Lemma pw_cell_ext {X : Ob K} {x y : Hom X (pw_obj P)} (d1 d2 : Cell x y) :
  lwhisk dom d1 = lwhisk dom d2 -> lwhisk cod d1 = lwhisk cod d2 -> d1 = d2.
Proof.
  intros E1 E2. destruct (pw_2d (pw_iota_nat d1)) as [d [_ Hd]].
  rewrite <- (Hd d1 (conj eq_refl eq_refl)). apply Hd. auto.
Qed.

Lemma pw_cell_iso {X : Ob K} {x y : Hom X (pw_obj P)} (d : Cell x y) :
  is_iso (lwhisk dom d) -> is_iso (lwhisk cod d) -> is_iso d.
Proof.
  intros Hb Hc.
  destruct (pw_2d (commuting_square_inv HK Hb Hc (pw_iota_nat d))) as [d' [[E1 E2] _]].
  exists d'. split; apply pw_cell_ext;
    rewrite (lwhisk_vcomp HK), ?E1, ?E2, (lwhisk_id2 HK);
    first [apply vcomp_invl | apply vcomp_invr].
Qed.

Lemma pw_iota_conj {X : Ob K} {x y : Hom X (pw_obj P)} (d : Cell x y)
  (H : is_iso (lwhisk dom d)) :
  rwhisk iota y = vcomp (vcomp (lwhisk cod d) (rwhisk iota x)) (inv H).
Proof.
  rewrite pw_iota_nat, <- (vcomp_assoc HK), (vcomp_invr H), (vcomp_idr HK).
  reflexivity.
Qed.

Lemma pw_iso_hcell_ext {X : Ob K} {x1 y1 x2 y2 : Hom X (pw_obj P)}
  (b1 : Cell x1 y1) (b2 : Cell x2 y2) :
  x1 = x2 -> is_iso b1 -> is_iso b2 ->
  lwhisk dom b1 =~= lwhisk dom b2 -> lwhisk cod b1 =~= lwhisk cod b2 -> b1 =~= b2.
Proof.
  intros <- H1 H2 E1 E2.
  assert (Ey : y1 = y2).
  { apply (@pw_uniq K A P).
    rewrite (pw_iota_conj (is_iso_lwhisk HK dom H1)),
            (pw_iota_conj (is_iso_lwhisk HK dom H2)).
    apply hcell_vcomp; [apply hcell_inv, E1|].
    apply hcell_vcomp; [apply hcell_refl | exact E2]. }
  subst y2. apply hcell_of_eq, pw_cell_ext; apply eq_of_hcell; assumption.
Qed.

» **What is being asked**
Transcribe exactly, and only, the lines that extend from the one containing "(b1 : Cell x1" to the end of the records above, inclusive of both.

» **Response**
  (b1 : Cell x1 y1) (b2 : Cell x2 y2) :
  x1 = x2 -> is_iso b1 -> is_iso b2 ->
  lwhisk dom b1 =~= lwhisk dom b2 -> lwhisk cod b1 =~= lwhisk cod b2 -> b1 =~= b2.
Proof.
  intros <- H1 H2 E1 E2.
  assert (Ey : y1 = y2).
  { apply (@pw_uniq K A P).
    rewrite (pw_iota_conj (is_iso_lwhisk HK dom H1)),
            (pw_iota_conj (is_iso_lwhisk HK dom H2)).
    apply hcell_vcomp; [apply hcell_inv, E1|].
    apply hcell_vcomp; [apply hcell_refl | exact E2]. }
  subst y2. apply hcell_of_eq, pw_cell_ext; apply eq_of_hcell; assumption.
Qed.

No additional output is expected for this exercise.